When AI stops playing “spot the difference” and starts understanding changes in MRIs

MBZUAI ·

MBZUAI researchers presented DEFUSE-MS at MICCAI 2025, a novel AI system for analyzing changes in MRI scans of multiple sclerosis (MS) patients. DEFUSE-MS uses a deformation field-guided spatiotemporal graph-based framework to identify new lesions by reasoning about how the brain has changed. The model constructs graphs of small regions within baseline and follow-up MRIs, linking them across time with edges enriched with learned embeddings of the deformation field. Why it matters: DEFUSE-MS reframes the task from simple "spot the difference" to understanding structural changes, potentially improving the speed and accuracy of MS diagnosis and treatment monitoring.

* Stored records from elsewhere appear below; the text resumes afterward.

Definition direct_sum_of_cyclics (R : nzRingType) (V : lmodType R) : Prop :=
  exists (n : nat) (g : 'I_n -> V),
    (forall v : V, exists c : 'I_n -> R, v = \sum_(i < n) c i *: g i) /\
    (forall c d : 'I_n -> R,
        \sum_(i < n) c i *: g i = \sum_(i < n) d i *: g i ->
        forall i, c i *: g i = d i *: g i).

From HB Require Import structures.
From mathcomp Require Import all_boot all_order all_algebra.
From mathcomp Require Import classical_sets.
From Stdlib Require Import ClassicalEpsilon FunctionalExtensionality PropExtensionality Classical.
Set Implicit Arguments. Unset Strict Implicit. Unset Printing Implicit Defensive.
Import GRing.Theory.
Local Open Scope ring_scope.

(* For [x, y] in [M], the module [R^2 / R (x, y)] is generated by two elements, hence is a
   direct sum of cyclic modules [R g_j].  As [(1, 0)] is in their span and [x] is in [M], some
   generator [g_i = (a, b)] has a unit first coordinate [a].  Writing
   [(x, y) = s (a, b) + t (0, 1)] and expanding [(0, 1)] along the decomposition yields a
   relation whose [g_i]-component must vanish; in the local ring (where everything outside [M]
   is a unit) this forces [y] in [x R] or [x] in [y R].  Thus elements of [M] are totally
   ordered by left divisibility, and among finitely many right generators of [M] one divides
   all the others. *)

Definition left_dvd (R : nzRingType) (a b : R) := exists z, b = a * z.

Section LocalRing.
Variables (R : nzRingType) (M : R -> Prop).
Hypothesis HM : local_with_max M.

Lemma local_left_ideal : left_ideal M. Proof. by case: HM => [[]]. Qed.
Lemma local0 : M 0. Proof. by case: local_left_ideal. Qed.
Lemma localD a b : M a -> M b -> M (a + b).
Proof. by case: local_left_ideal => _ + _; apply. Qed.
Lemma localMl r a : M a -> M (r * a).
Proof. by case: local_left_ideal => _ _; apply. Qed.

Lemma local_neq1 : ~ M 1.
Proof. by case: HM => [[_ + _] _] M1; apply=> z; rewrite -(mulr1 z); apply: localMl. Qed.

Lemma local_1B m : M m -> ~ M (1 - m).
Proof. by move=> Mm M1m; apply: local_neq1; rewrite -(subrK m 1); apply: localD. Qed.

Lemma local_sum n (F : 'I_n -> R) : (forall i, M (F i)) -> M (\sum_(i < n) F i).
Proof. by move=> MF; apply: (big_ind M local0 localD) => i _; apply: MF. Qed.

(* Zorn's lemma on the sets closed under [+] and left multiplication that avoid [1] and
   contain [L] as soon as they are nonempty: requiring [L] only of nonempty sets lets the
   empty chain have an upper bound. *)
Lemma proper_left_ideal_sub_local (L : R -> Prop) :
  left_ideal L -> ~ L 1 -> forall z, L z -> M z.
Proof.
move=> [L0 LD LM] L1.
pose P (X : set R) := [/\ forall a b, X a -> X b -> X (a + b),
  forall r a, X a -> X (r * a), ~ X 1 & forall a, X a -> (L `<=` X)%classic].
have [A [[AD AM A1 AL] Amax]] : exists A, P A /\ forall B, (A `<` B)%classic -> ~ P B.
  apply: Zorn_bigcup => F FP Ftot; split.
  - move=> a b [X FX Xa] [Y FY Yb].
    have [XY|YX] := Ftot X Y FX FY.
    + by exists Y => //; have [+ _ _ _] := FP Y FY; apply => //; apply: XY.
    + by exists X => //; have [+ _ _ _] := FP X FX; apply => //; apply: YX.
  - by move=> r a [X FX Xa]; exists X => //; have [_ + _ _] := FP X FX; apply.
  - by move=> [X FX X1]; have [_ _ + _] := FP X FX.
  - move=> a [X FX Xa] t Lt; exists X => //.
    by have [_ _ _ +] := FP X FX; move/(_ a Xa); apply.
have [a Aa] : exists a, A a.
  apply: NNPP => A0; apply: (Amax L); last by split=> // ? _ ?.
  by split=> [t At|LA]; [exfalso; apply: A0; exists t | apply: A0; exists 0; apply: LA].
have LA := AL a Aa.
have Amaxl : maximal_left_ideal A.
  split=> [|A_all|J [J0 JD JM] AJ]; first by split=> //; rewrite -(mul0r a); apply: AM.
    exact: A1 (A_all 1).
  have [J1|J1] := classic (J 1); first by right=> t; rewrite -(mulr1 t); apply: JM.
  left=> t Jt; apply: NNPP => At; apply: (Amax J).
    by split=> // JA; apply: At; apply: JA.
  by split=> // b _ s Ls; apply/AJ/LA.
by case: HM => _ uniqM z Lz; apply/(uniqM A Amaxl)/LA.
Qed.

Lemma local_1B_left_inv m : M m -> exists v, v * (1 - m) = 1.
Proof.
move=> Mm; pose L z := exists r, z = r * (1 - m).
have L_ideal : left_ideal L.
  split=> [|a b [r ->] [s ->]|r a [s ->]]; first by exists 0; rewrite mul0r.
    by exists (r + s); rewrite mulrDl.
  by exists (r * s); rewrite mulrA.
apply: NNPP => L1; apply: (local_1B Mm).
apply: (proper_left_ideal_sub_local L_ideal) => [[v ?]|]; first by apply: L1; exists v.
by exists 1; rewrite mul1r.
Qed.

Lemma local_left_inv z : ~ M z -> exists u, u * z = 1.
Proof.
move=> Mz; pose J w := exists r m, M m /\ w = r * z + m.
have J_ideal : left_ideal J.
  split=> [|a b [r [m [Mm ->]]] [s [n [Mn ->]]]|t a [r [m [Mm ->]]]].
  - by exists 0, 0; rewrite mul0r addr0; split=> //; apply: local0.
  - by exists (r + s), (m + n); rewrite mulrDl addrACA; split=> //; apply: localD.
  - by exists (t * r), (t * m); rewrite mulrDr mulrA; split=> //; apply: localMl.
case: HM => [[_ _ /(_ J J_ideal)]] [].
- by move=> m Mm; exists 0, m; rewrite mul0r add0r.
- by move=> JM; case: Mz; apply: JM; exists 1, 0; rewrite mul1r addr0; split=> //; apply: local0.
- move=> /(_ 1) [r [m [Mm e1]]]; have [v v1m] := local_1B_left_inv Mm.
  by exists (v * r); rewrite -mulrA -v1m e1 addrK.
Qed.

Lemma local_unit z : ~ M z -> exists u, u * z = 1 /\ z * u = 1.
Proof.
move=> Mz; have [u uz] := local_left_inv Mz; exists u; split=> //.
have [Mu|Mu] := classic (M u).
  have [w w1zu] := local_1B_left_inv (localMl z Mu).
  case: Mz; rewrite -[z]mul1r -w1zu -mulrA mulrBl mul1r -mulrA uz mulr1 subrr mulr0.
  exact: local0.
have [v vu] := local_left_inv Mu.
by rewrite -[z]mul1r -{1}vu -(mulrA v) uz mulr1.
Qed.

Lemma localMr m r : M m -> M (m * r).
Proof.
move=> Mm; apply: NNPP => Mmr; have [u [_ mru]] := local_unit Mmr.
have [Mru|Mru] := classic (M (r * u)).
  by apply: local_neq1; rewrite -mru -mulrA; apply: localMl.
have [w [_ ruw]] := local_unit Mru.
have mw : m = w by rewrite -[m]mulr1 -ruw !mulrA mru mul1r.
by apply: local_neq1; rewrite -ruw -mw; apply: localMl.
Qed.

Scalable Community Detection in Massive Networks Using Aggregated Relational Data

MBZUAI ·

A new mini-batch strategy using aggregated relational data is proposed to fit the mixed membership stochastic blockmodel (MMSB) to large networks. The method uses nodal information and stochastic gradients of bipartite graphs for scalable inference. The approach was applied to a citation network with over two million nodes and 25 million edges, capturing explainable structure. Why it matters: This research enables more efficient community detection in massive networks, which is crucial for analyzing complex relationships in various domains, but this article has no clear connection to the Middle East.

Self-powered dental braces

KAUST ·

I am sorry, but the provided content appears to be incomplete and does not offer enough information to create a meaningful summary. It mentions 'Self-powered dental braces' in the title, but the content is just a copyright notice and a link to KAUST.

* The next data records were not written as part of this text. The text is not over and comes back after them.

Variables (S S' : pred word) (L L' : seq word) (w : word) (b : bool).
Hypothesis cand_rcons : forall i j, i < size w -> j < size w ->
  cand S' L' (rcons w b) (i, j) = cand S L w (i, j).
Hypothesis no_cand_over_one : forall i m, i < m < size w -> nth false w m ->
  ~~ cand S' L' (rcons w b) (i, size w).

Lemma first_cand_rcons i0 j0 : i0 < size w -> j0 <= size w -> nth false w i0 ->
  cand S' L' (rcons w b) (i0, j0) ->
  (forall i j, i < size w -> j < size w -> lexlt (i, j) (i0, j0) -> ~~ cand S L w (i, j)) ->
  first_cand S' L' (rcons w b) = Some (i0, j0).
Proof.
move=> lt_i0 le_j0 w_i0 cand0 min0; apply/first_candP.
rewrite size_rcons mem_pairs !ltnS le_j0 ltnW //; split=> // [[i j]].
rewrite mem_pairs !ltnS => /andP [le_i le_j] lt_ij.
have lt_i : i < size w by move: lt_ij; rewrite /lexlt /=; lia.
case: (ltnP j (size w)) => [lt_j | ge_j]; first by rewrite cand_rcons // min0.
have -> : j = size w by lia.
by apply: (no_cand_over_one (m := i0)) => //; move: lt_ij; rewrite /lexlt /=; lia.
Qed.

Lemma greedy_next_rcons v : greedy_next S L w = Some v ->
  greedy_next S' L' (rcons w b) = Some (rcons v b).
Proof.
rewrite !greedy_nextE; case E: first_cand => [[i0 j0]|] //= [<-].
move/first_candP: E => [+ cand0 min0]; rewrite mem_pairs => /andP [lt_i0 lt_j0].
rewrite (@first_cand_rcons i0 j0) /= ?swap_rcons ?cand_rcons ?(ltnW lt_j0) //.
  by case/and3P: cand0 => /and5P [].
by move=> i j lt_i lt_j; apply: min0; rewrite mem_pairs lt_i.
Qed.

Lemma greedy_next_rcons_escape r : greedy_next S L w = None ->
  r < size w -> nth false w r -> cand S' L' (rcons w b) (r, size w) ->
  greedy_next S' L' (rcons w b) = Some (swap (rcons w b) r (size w)).
Proof.
rewrite !greedy_nextE; case E: first_cand => // _ lt_r w_r cand_r.
move/first_cand_None: E => stuck_w.
rewrite (@first_cand_rcons r (size w)) // => i j lt_i lt_j _.
by apply: stuck_w; rewrite mem_pairs lt_i.
Qed.

Lemma greedy_next_rcons_None : greedy_next S L w = None ->
  (forall i, ~~ cand S' L' (rcons w b) (i, size w)) ->
  (forall j, ~~ cand S' L' (rcons w b) (size w, j)) ->
  greedy_next S' L' (rcons w b) = None.
Proof.
rewrite !greedy_nextE; case E: first_cand => // _ no_cand_to_end no_cand_from_end.
move/first_cand_None: E => stuck_w.
suff /first_cand_None -> :
  {in pairs (size (rcons w b)), forall y, ~~ cand S' L' (rcons w b) y} by [].
move=> [i j]; rewrite size_rcons mem_pairs !ltnS => /andP [le_i le_j].
case: (ltnP i (size w)) => lt_i; last by have -> : i = size w by lia.
case: (ltnP j (size w)) => lt_j; last by have -> : j = size w by lia.
by rewrite cand_rcons //; apply: stuck_w; rewrite mem_pairs lt_i.
Qed.

End OneLetterExtension.

Lemma cand_rcons0 n p k L w i j : i < size w -> j < size w ->
  cand (inC n.+1 p k) (map (rcons^~ false) L) (rcons w false) (i, j) =
  cand (inC n p k) L w (i, j).
Proof.
move=> lt_i lt_j; rewrite /cand /= homtrans_rcons // swap_rcons //.
by rewrite inC_rcons0 (mem_map (rcons_injl false)).
Qed.

Lemma no_cand_over_one0 S L w i m : i < m < size w -> nth false w m ->
  ~~ cand S L (rcons w false) (i, size w).
Proof.
move=> lt_m w_m; apply/negP => /and3P [/= /homtrans_rcons0_end/(_ lt_m)].
by rewrite w_m.
Qed.

Lemma cand_rcons1 n p k L0 L w i j : i < size w -> j < size w ->
  p * k.+1 <= n - k -> (forall u, rcons u true \notin L0) ->
  cand (inC n.+1 p k.+1) (L0 ++ map (rcons^~ true) L) (rcons w true) (i, j) =
  cand (inC n p k) L w (i, j).
Proof.
move=> lt_i lt_j ok_end L0_rcons0; rewrite /cand /= homtrans_rcons // swap_rcons //.
by rewrite inC_rcons1 ok_end andbT mem_cat (negbTE (L0_rcons0 _)) (mem_map (rcons_injl true)).
Qed.

Lemma no_cand_to_end1 S L w i : ~~ cand S L (rcons w true) (i, size w).
Proof. by rewrite /cand /= homtrans_rcons1_end. Qed.

Lemma rcons1_notin_map_rcons0 u (L : seq word) : rcons u true \notin map (rcons^~ false) L.
Proof. by apply/mapP => -[v _ /(congr1 (last false))]; rewrite !last_rcons. Qed.

Lemma last_cat_map (f : word -> word) (x : word) L0 L : L != [::] ->
  last x (L0 ++ map f L) = f (last [::] L).
Proof. by case: L => // y L _; rewrite last_cat /= last_map. Qed.

Lemma reach_lift S S' (f : word -> word) L0 :
  (forall L v, L != [::] -> all S L -> greedy_step S L = Some v ->
     greedy_step S' (L0 ++ map f L) = Some (f v)) ->
  forall L L', reach S L L' -> L != [::] -> all S L ->
  reach S' (L0 ++ map f L) (L0 ++ map f L').
Proof.
move=> lift_next L L'; elim=> [L1 | L1 v L2 next_v _ IH] nonnil AL; first exact: reach_refl.
have /andP [Sv _] := greedy_next_new next_v.
apply: reach_step (lift_next _ _ nonnil AL next_v) _.
by rewrite rcons_cat -map_rcons; apply: IH; [case: (L1) | rewrite all_rcons Sv].
Qed.

Lemma reach_rcons0 n p k L L' : reach (inC n p k) L L' -> L != [::] -> all (inC n p k) L ->
  reach (inC n.+1 p k) (map (rcons^~ false) L) (map (rcons^~ false) L').
Proof.
apply: (reach_lift (L0 := [::])) => L1 v nonnil _.
rewrite /greedy_step !(last_cat_map _ _ [::]) //.
by apply: greedy_next_rcons => [i j | i m]; [exact: cand_rcons0 | exact: no_cand_over_one0].
Qed.

Lemma reach_rcons1 n p k L0 L L' : p * k.+1 <= n - k -> (forall u, rcons u true \notin L0) ->
  reach (inC n p k) L L' -> L != [::] -> all (inC n p k) L ->
  reach (inC n.+1 p k.+1) (L0 ++ map (rcons^~ true) L) (L0 ++ map (rcons^~ true) L').
Proof.
move=> ok_end L0_rcons1; apply: reach_lift => L1 v nonnil _.
rewrite /greedy_step !last_cat_map //.
apply: greedy_next_rcons => [i j lt_i lt_j | i m _ _]; first by rewrite cand_rcons1.
exact: no_cand_to_end1.
Qed.

Lemma greedy_step_rcons1_None n p k L0 L : p * k.+1 <= n - k ->
  (forall u, rcons u true \notin L0) -> L != [::] ->
  greedy_step (inC n p k) L = None -> nth false (last [::] L) (size (last [::] L)).-1 ->
  greedy_step (inC n.+1 p k.+1) (L0 ++ map (rcons^~ true) L) = None.
Proof.
move=> ok_end L0_rcons1 nonnil stuck last_one; rewrite /greedy_step last_cat_map //.
apply: (greedy_next_rcons_None (S := inC n p k) (L := L)) => // [i j lt_i lt_j | i | j].
- exact: cand_rcons1.
- exact: no_cand_to_end1.
by rewrite /cand /= (negbTE (homtrans_rcons1_from_end _ last_one)).
Qed.

Lemma greedy_step_rcons0_escape n p k L E r : L != [::] -> last [::] L = E ->
  inC n p k E -> greedy_step (inC n p k) L = None ->
  r < n -> nth false E r -> (forall m, r < m < n -> ~~ nth false E m) ->
  greedy_step (inC n.+1 p k) (map (rcons^~ false) L) =
    Some (rcons (set_nth false E r false) true).
Proof.
move=> nonnil last_L E_C stuck lt_r E_r last_r.
have /inCP [size_E weight_E _] := E_C; rewrite -size_E in lt_r last_r.
rewrite /greedy_step (last_cat_map _ _ [::]) // last_L -swap_rcons0_end //.
apply: (greedy_next_rcons_escape (S := inC n p k) (L := L)) => // [i j | i m | | ].
- exact: cand_rcons0.
- exact: no_cand_over_one0.
- by rewrite -last_L.
rewrite /cand /= swap_rcons0_end // rcons1_notin_map_rcons0 andbT; apply/andP; split.
  rewrite /homtrans size_rcons !nth_rcons lt_r ltnS (ltnW lt_r) ltnSn ltnn eqxx E_r /=.
  by apply/allP => m; rewrite mem_between nth_rcons => lt_m; rewrite ifT ?last_r //; lia.
have [k' def_k] : exists k', k = k'.+1.
  by exists k.-1; rewrite prednK // -weight_E (weight_gt0 E_r).
rewrite def_k inC_rcons1 (inC_clear (k := k'.+1)) -?def_k //=.
by have := inC_bound E_C; rewrite def_k; lia.
Qed.

Lemma greedy_step_weight1_None n p L : L != [::] ->
  inC n p 1 (last [::] L) -> greedy_step (inC n p 1) L = None ->
  greedy_step (inC n.+1 p 1) (rcons (map (rcons^~ false) L) (gamma n.+1 1)) = None.
Proof.
move=> nonnil last_C stuck; have [r lt_r last_L] := inC_weight1 last_C.
rewrite /greedy_step last_rcons greedy_nextE gamma1_onehot.
suff /first_cand_None -> : {in pairs (size (onehot n.+1 n)),
  forall y, ~~ cand (inC n.+1 p 1) (rcons (map (rcons^~ false) L) (onehot n.+1 n))
                 (onehot n.+1 n) y} by [].
move=> [i j] _; rewrite /cand /= homtrans_onehot //.
apply/and3P => -[/and3P [/eqP -> lt_j ne_jn]]; have {ne_jn} lt_jn : j < n by lia.
rewrite swap_onehot // onehot_rcons0 // inC_rcons0 mem_rcons inE negb_or.
rewrite (mem_map (rcons_injl false)) => C_j /andP [_ /negP]; apply.
case: (j =P r) => [-> | ne_jr]; first by rewrite -last_L last_in.
have := stuck_swap_mem stuck (_ : homtrans (last [::] L) r j).
by rewrite last_L swap_onehot // homtrans_onehot // eqxx lt_jn; apply => //; apply/eqP.
Qed.

Definition runs_to (S : pred word) (L : seq word) (g : word) :=
  exists L', [/\ reach S L L', greedy_step S L' = None & last [::] L' = g].

Lemma reach_runs_to S L1 L2 g : reach S L1 L2 -> runs_to S L2 g -> runs_to S L1 g.
Proof. by move=> R [L' [R' stuck last_L']]; exists L'; split=> //; exact: reach_trans R'. Qed.

Lemma runs_to_rcons1 n p k L0 L : p * k.+1 <= n - k -> 0 < k <= n ->
  (forall u, rcons u true \notin L0) -> L != [::] -> all (inC n p k) L ->
  runs_to (inC n p k) L (gamma n k) ->
  runs_to (inC n.+1 p k.+1) (L0 ++ map (rcons^~ true) L) (gamma n.+1 k.+1).
Proof.
move=> ok_end lt_k L0_rcons1 nonnil AL [L' [R stuck last_L']].
have nonnil' := reach_nonnil R nonnil.
exists (L0 ++ map (rcons^~ true) L'); split.
- exact: reach_rcons1.
- apply: greedy_step_rcons1_None => //; rewrite last_L' size_gamma ?nth_gamma_last //.
  by case/andP: lt_k.
- by rewrite last_cat_map // last_L' gamma_rcons1.
Qed.

Lemma runs_to_rcons0 n p k y :
  (forall u, inC n p k.-1 u -> u <> gamma n k.-1 ->
     runs_to (inC n p k.-1) [:: u] (gamma n k.-1)) ->
  inC n p k y -> 0 < k -> runs_to (inC n.+1 p k) [:: rcons y false] (gamma n.+1 k).
Proof.
move=> IH y_C pos_k; have size_C w : inC n p k w -> size w = n by case/inCP.
have [|Ly R stuck] := reach_terminal size_C (L := [:: y]) isT; first by rewrite /= y_C.
have nonnil := reach_nonnil R isT.
have /andP [_ ALy] : uniq Ly && all (inC n p k) Ly.
  by apply: reach_uniq_all R _ _; rewrite //= y_C.
set E := last [::] Ly; have E_C : inC n p k E := allP ALy _ (last_in _ nonnil).
have /inCP [size_E weight_E _] := E_C.
have [|r [lt_r E_r last_r]] := @last_one E; first by rewrite has_count -/(weight E) weight_E.
rewrite size_E in lt_r last_r; set E' := set_nth false E r false.
have R1 : reach (inC n.+1 p k) [:: rcons y false]
                (map (rcons^~ false) Ly ++ map (rcons^~ true) [:: E']).
  rewrite cats1; apply: reach_rcons.
    by apply: reach_rcons0 R _ _; rewrite //= y_C.
  exact: greedy_step_rcons0_escape nonnil erefl E_C stuck lt_r E_r last_r.
apply: reach_runs_to R1 _; have E'_C : inC n p k.-1 E' := inC_clear E_C E_r.
case: (ltnP 1 k) => [gt1_k | le1_k].
  have [k' def_k] : exists k', k = k'.+1 by exists k.-1; rewrite prednK.
  rewrite def_k in E'_C IH *; rewrite /= in E'_C IH.
  have lt_k' : 0 < k' <= n.
    by have := count_size id E; rewrite -/(weight E) weight_E size_E def_k; lia.
  apply: runs_to_rcons1; rewrite /= ?E'_C //.
  - by have := inC_bound E_C; rewrite def_k; lia.
  - by move=> u; exact: rcons1_notin_map_rcons0.
  apply: IH => // def_E'; have := nth_gamma_last lt_k'.
  rewrite -def_E' nth_set_nth /=; case: eqP => // ne_r.
  by rewrite (negbTE (last_r _ _)) //; lia.
have def_k : k = 1 by lia.
rewrite def_k in E'_C *; rewrite (inC_weight0 E'_C) /= -gamma_rcons1 cats1.
exists (rcons (map (rcons^~ false) Ly) (gamma n.+1 1)); split; rewrite ?last_rcons //.
  exact: reach_refl.
by apply: greedy_step_weight1_None => //; rewrite -def_k.
Qed.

SSRC Joins Forces with UNSW to Fortify Systems, Prevent Hacking

TII ·

The Secure Systems Research Center (SSRC) has partnered with the University of New South Wales (UNSW Sydney) to research enhancements and scaling of the seL4 microkernel on edge devices. The collaboration aims to extend the seL4 microkernel to support dynamic virtualization, combining minimal trusted computing base with strong isolation. This will address challenges related to heterogeneous hardware, software, and environmental factors in edge computing. Why it matters: This partnership aims to improve the security of edge devices in critical sectors, addressing vulnerabilities in cyber-physical and autonomous systems.

How I Learned to Stop Worrying and Love Doing System Research

MBZUAI ·

This article summarizes a talk by Erci Xu on doing computer systems research, focusing on idea generation and paper writing. Xu shares experiences on developing research ideas and provides a tutorial on academic writing principles. He has published 20 papers in venues like OSDI, FAST, ATC, and Eurosys and received awards including two FAST Best Paper Awards. Why it matters: The talk and summary offer valuable guidance for researchers in the Middle East, particularly those at institutions like MBZUAI, on how to conduct impactful computer systems research and effectively communicate their findings in top-tier academic publications.

Transforming electronics

KAUST ·

KAUST Professor Muhammad Mustafa Hussain was elected as an IEEE Fellow for his contributions to flexible and stretchable electronic circuits. Hussain is the principal investigator of the KAUST Futuristic Electronics and Integrated Nanotechnology Lab and the principal ideator of the KAUST FabLab and vFabLab™. His research focuses on transformational electronics, introducing new applications for web-integrated interactive electronics using CMOS-compatible processes. Why it matters: This recognition highlights KAUST's contributions to cutting-edge research in flexible electronics, an area with increasing importance for IoT devices and various applications in robotics, healthcare, and automation.